**Try it**
When you reach the line containing "(alpha : R)" in the records below, start copying exactly, and stop once you have copied the line containing "(* Every matrix".

[Records to use — start]

(* Let $\rho>0$, $\alpha>0$, $\Omega_t\in\mathbb{S}^n$, $\bar W_t\in\mathbb{S}^n_+$ with $\operatorname{tr}(\bar W_t)=1$, $P_t\in\mathbb{R}^{n\times r}$ with $P_t^\top P_t=I_r$, and integers $r_p\ge0$, $r_c\ge1$ with $r_p\le r$. Let $(W_t^\star,y_t^\star)$ be a minimizer of $\min_{W\in\hat{\mathcal W}(\bar W_t,P_t),y\in\mathbb{R}^m}\langle W-C,\Omega_t\rangle-\langle b-\mathcal{A}(\Omega_t),y\rangle+\frac1{2\alpha}\|W-C+\mathcal{A}^*(y)\|^2$, written as $W_t^\star=\gamma_t^\star\bar W_t+P_tS_t^\star P_t^\top$ with $S_t^\star\in\mathbb{S}^r_+$, $\gamma_t^\star\ge0$, $\gamma_t^\star+\operatorname{tr}(S_t^\star)\le\rho$, and let $X_{t+1}^\star:=\Omega_t+\frac1\alpha(W_t^\star-C+\mathcal{A}^*(y_t^\star))$. Write an eigendecomposition $S_t^\star=Q_1\Sigma_1Q_1^\top+Q_2\Sigma_2Q_2^\top$ where $[Q_1\ Q_2]$ is orthogonal, $\Sigma_1\in\mathbb{S}^{r_p}$ is diagonal with the $r_p$ largest eigenvalues of $S_t^\star$ and $\Sigma_2$ diagonal with the remaining ones. Let $V_t\in\mathbb{R}^{n\times r_c}$ have orthonormal columns that are eigenvectors of $-X_{t+1}^\star$ for its $r_c$ largest eigenvalues. Let $P_{t+1}$ be any matrix with orthonormal columns whose column space equals that of $[V_t\ \ P_tQ_1]$, assume $\gamma_t^\star+\operatorname{tr}(\Sigma_2)>0$, and set $\bar W_{t+1}:=\frac{1}{\gamma_t^\star+\operatorname{tr}(\Sigma_2)}\big(\gamma_t^\star\bar W_t+P_tQ_2\Sigma_2Q_2^\top P_t^\top\big)$. Then, writing $\hat F_{t}:=\hat F_{(\bar W_t,P_t)}$ and $\hat F_{t+1}:=\hat F_{(\bar W_{t+1},P_{t+1})}$: (i) $\hat F_{t+1}(X)\le F(X)$ for all $X\in\mathbb{S}^n$; (ii) $\hat F_{t+1}(X)\ge F(X_{t+1}^\star)+\langle g,X-X_{t+1}^\star\rangle$ for all $X\in\mathbb{S}^n$, where $g=C-\rho vv^\top$ with $v$ the first column of $V_t$ if $\lambda_{\max}(-X_{t+1}^\star)>0$, and $g=C$ otherwise (in both cases $g\in\partial F(X_{t+1}^\star)$); (iii) if $\mathcal{A}(\Omega_t)$ is arbitrary but $X\in\mathcal{X}_0$, then $\hat F_{t+1}(X)\ge \hat F_t(X_{t+1}^\star)+\langle \alpha(\Omega_t-X_{t+1}^\star),X-X_{t+1}^\star\rangle$ for all $X\in\mathcal{X}_0$.
   Context: Data: $b\in\mathbb{R}^m$, $C,A_1,\dots,A_m\in\mathbb{S}^n$ with $A_1,\dots,A_m$ linearly independent; $\langle X,Y\rangle=\operatorname{tr}(XY)$, $\|\cdot\|$ Frobenius norm; $\mathcal{A}(X)=(\langle A_i,X\rangle)_{i=1}^m$, $\mathcal{A}^*(y)=\sum_iy_iA_i$; $\mathcal{X}_0:=\{X\in\mathbb{S}^n:\mathcal{A}(X)=b\}$. $F(X):=\langle C,X\rangle+\rho\max\{\lambda_{\max}(-X),0\}$. For $\bar W\succeq0$ with trace $1$ and $P$ with orthonormal columns ($k$ columns): $\hat{\mathcal W}(\bar W,P):=\{\gamma\bar W+PSP^\top: S\in\mathbb{S}^k_+,\gamma\ge0,\gamma+\operatorname{tr}(S)\le\rho\}$ and $\hat F_{(\bar W,P)}(X):=\langle C,X\rangle+\max_{W\in\hat{\mathcal W}(\bar W,P)}\langle W,-X\rangle$. ($X_{t+1}^\star$ is the minimizer over $\mathcal{X}_0$ of $\hat F_t(X)+\frac\alpha2\|X-\Omega_t\|^2$.) *)

From HB Require Import structures.
From mathcomp Require Import all_boot all_order all_algebra.
From mathcomp Require Import boolp classical_sets reals.
Set Implicit Arguments. Unset Strict Implicit. Unset Printing Implicit Defensive.
Import Order.TTheory GRing.Theory Num.Theory.
Local Open Scope ring_scope.
Local Open Scope classical_set_scope.

Section Defs.
Variable R : realType.

Definition psd k (M : 'M[R]_k) : Prop :=
  M^T = M /\ forall v : 'cV[R]_k, 0 <= (v^T *m M *m v) ord0 ord0.

Definition inner n (X Y : 'M[R]_n) : R := \tr (X *m Y).

Definition frob2 n (X : 'M[R]_n) : R := \tr (X^T *m X).

Definition vdot m (u v : 'cV[R]_m) : R := \sum_i u i ord0 * v i ord0.

Definition lambda_max n (M : 'M[R]_n) : R := sup [set a : R | eigenvalue M a].

Definition Fobj n (C : 'M[R]_n) (rho : R) (X : 'M[R]_n) : R :=
  inner C X + rho * Num.max (lambda_max (- X)) 0.

Definition What n k (rho : R) (Wbar : 'M[R]_n) (P : 'M[R]_(n, k)) : set 'M[R]_n :=
  [set W | exists (gamma : R) (S : 'M[R]_k),
     [/\ psd S, 0 <= gamma, gamma + \tr S <= rho & W = gamma *: Wbar + P *m S *m P^T]].

Definition Fhat n k (C : 'M[R]_n) (rho : R) (Wbar : 'M[R]_n) (P : 'M[R]_(n, k))
    (X : 'M[R]_n) : R :=
  inner C X + sup [set inner W (- X) | W in What rho Wbar P].

Definition Aop n m (A : 'I_m -> 'M[R]_n) (X : 'M[R]_n) : 'cV[R]_m :=
  \col_i inner (A i) X.
Definition Astar n m (A : 'I_m -> 'M[R]_n) (y : 'cV[R]_m) : 'M[R]_n :=
  \sum_i y i ord0 *: A i.

Definition dual_obj n m (A : 'I_m -> 'M[R]_n) (b : 'cV[R]_m) (C Omega : 'M[R]_n)
    (alpha : R) (W : 'M[R]_n) (y : 'cV[R]_m) : R :=
  inner (W - C) Omega - vdot (b - Aop A Omega) y
  + (2 * alpha)^-1 * frob2 (W - C + Astar A y).

End Defs.

From HB Require Import structures.
From mathcomp Require Import all_boot all_order all_algebra.
From mathcomp Require Import boolp classical_sets reals.
From mathcomp Require Import ring lra.
Import Order.TTheory GRing.Theory Num.Theory.
Local Open Scope ring_scope.
Local Open Scope classical_set_scope.
Set Implicit Arguments. Unset Strict Implicit. Unset Printing Implicit Defensive.

(* Every matrix in a model set hat W(Wbar, P) is positive semidefinite with trace at most rho,
   so <W, -X> <= rho max(lambda_max(-X), 0) and every such model minorizes F; this is (i).
   Write X_{t+1} for the proximal point.  The new set contains the cut rho v v^T, v a unit top
   eigenvector of -X_{t+1} lying in the range of P_{t+1}; its value at X_{t+1} is F(X_{t+1}),
   and as a linear function of X it is the linearization of (ii).  The new set also contains
   the old optimum W_t = gamma Wbar_t + P Q1 S1 Q1^T P^T + P Q2 S2 Q2^T P^T: the first and last
   terms are exactly the rescaled new aggregate Wbar_{t+1}, the middle one lives in the range of
   P_{t+1}.  The optimality conditions of the dual subproblem (A(X_{t+1}) = b from stationarity
   in y, <W - W_t, X_{t+1}> >= 0 on the old set from convexity in W) turn the cut of W_t into
   the proximal cut (iii).  The only spectral fact needed, existence of a top eigenvector of a
   symmetric matrix, comes from the supremum of its Rayleigh quotients. *)

Section QuadraticForms.
Variable R : realType.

[Records to use — finish]

**Reply**
    (alpha : R) (W : 'M[R]_n) (y : 'cV[R]_m) : R :=
  inner (W - C) Omega - vdot (b - Aop A Omega) y
  + (2 * alpha)^-1 * frob2 (W - C + Astar A y).

End Defs.

From HB Require Import structures.
From mathcomp Require Import all_boot all_order all_algebra.
From mathcomp Require Import boolp classical_sets reals.
From mathcomp Require Import ring lra.
Import Order.TTheory GRing.Theory Num.Theory.
Local Open Scope ring_scope.
Local Open Scope classical_set_scope.
Set Implicit Arguments. Unset Strict Implicit. Unset Printing Implicit Defensive.

(* Every matrix in a model set hat W(Wbar, P) is positive semidefinite with trace at most rho,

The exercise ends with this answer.